Sezione: Oratorio e scuola
Articolo di: Nicolò Battista

Anche quest’anno entro la fine di gennaio gli studenti e le famiglie sono state chiamate alla scelta di avvalersi o no dell’insegnamento della religione cattolica per il prossimo anno scolastico. Credo che mai come quest’anno passato nella pandemia da Covid-19 ci sia la necessità di dedicare un po’ di tempo alle grandi domande presenti nei nostri bambini e ragazzi: chi siamo? Perché il dolore e la morte? Cosa possiamo sperare per il futuro? La quotidianità anche dei più piccoli è stata stravolta, andando a mancare principalmente la cosa più importante per crescere: la relazione. Quest’anno in una lezione, in una classe seconda della scuola primaria, mentre guardavamo un’immagine del villaggio di Nazaret un bambino alla mia domanda “Cosa vi colpisce?” risponde “Maestro non hanno la mascherina e possono liberamente abbracciarsi!”. La cosa che mi è rimasta impressa è stata la naturalezza, tipica dei bambini, senza alcun tono di simpatia o ironia. Ormai distanziamento e mascherine sembrano essere quelle barriere al desiderio di apertura agli altri e libertà che tutti noi possiamo percepire. In che modo l’insegnamento della religione può essere d’aiuto in questo particolare momento storico?

Innanzitutto, cerchiamo sinteticamente di capire cosa sia e soprattutto quale è il contributo richiestogli nell’ambito educativo scolastico. Spesso questo insegnamento è soggetto a critiche: molti credono che la scuola in quanto laica non dovrebbe avere un insegnamento religioso confessionale; altri reputano che la religione sia una disciplina inutile nella formazione scolastica (molti vorrebbero una “storia delle religioni”). Molto spesso purtroppo molti parlano di tutto e pretendono di farlo con autorità senza avere competenze. Credo che per parlare di scuola si debbano avere competenze e conoscenze specifiche nell’ambito. La religione che viene insegnata a scuola ha carattere confessionale, appunto “cattolica”, per un discorso strettamente di appartenenza storico-culturale del nostro paese; si voglia o no, tutti gli aspetti della nostra società hanno una radice cristiana. Pensiamo alla letteratura con Manzoni e Dante, due capisaldi che sono impregnati di cristianesimo; pensiamo alla notazione musicale che utilizziamo con le sette note che provengono da un inno scritto il 24 giugno per la festa di san Giovanni Battista; o ancora a tutta l’arte legata al mondo cristiano. Un insegnamento confessionale culturale non va contro la laicità dello stato, anzi ne è l’espressione! “Laico” non è “ateo”, ma richiama alla libertà di espressione in tutti gli ambiti. La religione cattolica a scuola, non essendo catechesi, in cosa lenirebbe il principio di laicità? Per giunta è facoltativa, quindi si può liberamente scegliere di non seguirla. Più laicità/libertà di così!

Mi fa sorridere molto quando si parla di modificare l’ora di religione in “storia delle religioni”; ma allora perché non modifichiamo la letteratura italiana, che si studia in tutte le scuole superiori, in “storia delle letterature”? È logico che la scuola debba formare gli studenti prima sul proprio patrimonio culturale: la letteratura sui grandi classici italiani, la filosofia sui grandi autori occidentali e la religione sui valori universali della cristianità e non solo; ad esempio, nella scuola primaria nelle classi quinte con i bambini si studiano le altre grandi religioni del mondo (Islam, Buddhismo, Induismo…): un’occasione per conoscere anche aspetti all’apparenza lontani dalla nostra realtà eppure molto spesso vicini in una società multiculturale come la nostra.

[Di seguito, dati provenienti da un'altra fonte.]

Let r := #[coset K x].
Let sKL : K \subset L := normal_sub nsKL.
Let nKL : L \subset 'N(K) := normal_norm nsKL.
Let Nx : x \in 'N(K) := subsetP nKL x Lx.

Lemma mem_expg_coset j : (x ^+ j \in K) = (r %| j)%N.
Proof.
rewrite order_dvdn -(morphX _ _ Nx); apply/idP/eqP; first exact: coset_id.
exact: coset_idr (groupX j Nx).
Qed.

Definition coset_exponent l : nat :=
  if [pick i : 'I_r | x ^- i * l \in K] is Some i then i else 0.

Lemma coset_exponentP l : l \in L -> x ^- coset_exponent l * l \in K.
Proof.
move=> Ll; rewrite /coset_exponent; case: pickP => [i // | no_i].
have : coset K l \in <[coset K x]> by rewrite -genLK mem_quotient.
case/cyclePmin => i lt_i_r def_l.
have /negbT/negP[] := no_i (Ordinal lt_i_r); have Nl := subsetP nKL l Ll.
rewrite coset_idr ?groupM ?groupV ?groupX //.
by rewrite morphM ?morphV ?morphX ?groupV ?groupX //= def_l mulVg.
Qed.

(* [l = x ^+ i * k] is sent to [a *+ i + phi k]; [root_a] makes this independent
   of the choice of [i]. *)
Definition cyclic_ext l := a *+ coset_exponent l + phi (x ^- coset_exponent l * l).

Lemma cyclic_extE l j : l \in L -> x ^- j * l \in K ->
  cyclic_ext l = a *+ j + phi (x ^- j * l).
Proof.
move=> Ll; rewrite /cyclic_ext; move: (coset_exponent l) (coset_exponentP Ll) => i.
wlog le_ij : i j / (i <= j)%N.
  move=> IH Ki Kj; case: (leqP i j) => [le_ij | /ltnW le_ji]; first exact: IH.
  by rewrite (IH j i).
move=> Ki Kj; have def_i : x ^- i * l = x ^+ (j - i) * (x ^- j * l).
  have def_j : x ^- j = x ^- (j - i) * x ^- i by rewrite -invMg -expgD subnKC.
  by rewrite def_j -mulgA mulKVg.
have /dvdnP[q def_ji] : (r %| j - i)%N.
  rewrite -mem_expg_coset -(mulgK (x ^- j * l) (x ^+ (j - i))) -def_i.
  by rewrite groupM ?groupV.
have Kxr : x ^+ r \in K by rewrite mem_expg_coset.
have Kxji : x ^+ (j - i) \in K by rewrite mem_expg_coset def_ji dvdn_mull.
rewrite def_i hom_phi // addrA def_ji mulnC expgM (hom_onX hom_phi) //.
by rewrite -root_a -mulrnA (mulnC r) -def_ji -mulrnDr subnKC.
Qed.

Lemma hom_on_cyclic_ext : hom_on L cyclic_ext.
Proof.
move=> l l' Ll Ll'.
set i := coset_exponent l; set j := coset_exponent l'.
have Ki : x ^- i * l \in K := coset_exponentP Ll.
have Kj : x ^- j * l' \in K := coset_exponentP Ll'.
have NKxj : x ^+ j \in 'N(K) by rewrite groupX.
have def_ll' : x ^- (i + j) * (l * l') = (x ^- i * l) ^ x ^+ j * (x ^- j * l').
  by rewrite /conjg expgD invMg !mulgA mulgK.
have Kij : x ^- (i + j) * (l * l') \in K by rewrite def_ll' groupM ?memJ_norm.
rewrite (cyclic_extE (groupM Ll Ll') Kij) (cyclic_extE Ll Ki) (cyclic_extE Ll' Kj).
by rewrite def_ll' hom_phi ?memJ_norm // phiJ ?groupX // mulrnDr addrACA.
Qed.

Lemma cyclic_ext_id : {in K, cyclic_ext =1 phi}.
Proof.
move=> k Kk; rewrite (cyclic_extE (j := 0)) ?(subsetP sKL) //.
  by rewrite expg0 invg1 mul1g mulr0n add0r.
by rewrite expg0 invg1 mul1g.
Qed.

End CyclicExtension.

Lemma cyclic_quotient_extension (gT : finGroupType) (A : zmodType)
    (L K : {group gT}) (phi : gT -> A) :
  torsion_divisible A -> K <| L -> cyclic (L / K) -> hom_on K phi ->
  {in L & K, forall y k, phi (k ^ y) = phi k} -> extends_to L K phi.
Proof.
move=> divA nsKL /cyclicP[xK genLK] hom_phi phiJ.
have /morphimP[x Nx Lx def_xK] : xK \in L / K by rewrite genLK cycle_id.
rewrite {xK}def_xK in genLK.
have [a root_a] : exists a, a *+ #[coset K x] = phi (x ^+ #[coset K x]).
  apply: (divA _ #|K|); rewrite ?order_gt0 ?cardG_gt0 // hom_on_card //.
  by rewrite (mem_expg_coset nsKL Lx).
exists (cyclic_ext K phi x a).
  exact: hom_on_cyclic_ext nsKL hom_phi phiJ Lx genLK root_a.
exact: cyclic_ext_id nsKL hom_phi Lx genLK root_a.
Qed.

Lemma repr_rcoset_shift_mem (gT : finGroupType) (L : {group gT}) y z :
  repr (L :* y) * z * (repr (L :* (y * z)))^-1 \in L.
Proof.
have /rcosetP[l1 Ll1 ->] := mem_repr_rcoset L y.
have /rcosetP[l2 Ll2 ->] := mem_repr_rcoset L (y * z).
by rewrite invMg !mulgA -(mulgA l1 y z) mulgK groupM ?groupV.
Qed.

Section Transfer.

Variables (gT : finGroupType) (A : zmodType) (G L : {group gT}) (psi : gT -> A).
Hypotheses (sLG : L \subset G) (hom_psi : hom_on L psi).

Definition transfer_zmod g :=
  \sum_(C in rcosets L G) psi (repr C * g * (repr (C :* g))^-1).

Lemma hom_on_transfer_zmod : hom_on G transfer_zmod.
Proof.
move=> s t Gs Gt; rewrite /transfer_zmod.
rewrite [X in _ = _ + X](reindex_acts 'Rs _ Gs) ?actsRs_rcosets //= -big_split /=.
apply: eq_bigr => _ /rcosetsP[y Gy ->]; rewrite !rcosetE -!rcosetM.
by rewrite -hom_psi ?repr_rcoset_shift_mem // !mulgA mulgKV.
Qed.

Lemma transfer_zmod_normal (K : {group gT}) :
  K \subset L -> G \subset 'N(K) -> {in G & K, forall g k, psi (k ^ g) = psi k} ->
  {in K, forall k, transfer_zmod k = psi k *+ #|G : L|}.
Proof.
move=> sKL nKG psiJ k Kk.
rewrite /transfer_zmod /indexg -sumr_const; apply: eq_bigr => _ /rcosetsP[y Gy ->].
have Gk : k \in G by rewrite (subsetP sLG) // (subsetP sKL).
have Gr : repr (L :* y) \in G.
  by have /rcosetP[l Ll ->] := mem_repr_rcoset L y; rewrite groupM // (subsetP sLG).
have -> : L :* y :* k = L :* y.
  have Lk : k ^ y^-1 \in L.
    by rewrite (subsetP sKL) // memJ_norm // (subsetP nKG) ?groupV.
  have def_yk : y * k = k ^ y^-1 * y by rewrite /conjg invgK mulgA mulgKV.
  by rewrite -rcosetM def_yk rcosetM (rcoset_id Lk).
set r := repr (L :* y).
by rewrite (_ : r * k * r^-1 = k ^ r^-1) ?psiJ ?groupV // /conjg invgK mulgA.
Qed.

End Transfer.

Oggi l’insegnante di religione di fronte a questa realtà complessa, multireligiosa e soprattutto ferita dalla pandemia è chiamato innanzitutto all’ascolto: deve ascoltare i propri studenti. L’ascolto è il primo passo in qualsiasi relazione. Deve cogliere i dubbi, le angosce, le speranze e i desideri dei propri studenti. Il docente di religione deve far proprie le tre virtù teologali (la fede, la speranza, la carità). È un uomo di fede in comunione con la Chiesa, che porta la speranza cristiana nell’incontro (con studenti, colleghi, famiglie) attraverso la condivisione della propria più profonda umanità espressa attraverso la carità. Un bravo docente di religione deve far proprie le parole del Santo Padre Francesco in occasione dell’Udienza alla guardia svizzera pontificia durante il giuramento delle nuove guardie del 5 aprile 2014: “Vivete intensamente le vostre giornate! Siate saldi nella vostra fede e generosi nella carità verso le persone che incontrate!”. In fondo non è altro se non quello che tutti i cristiani sono chiamati a fare: vivere il proprio battesimo!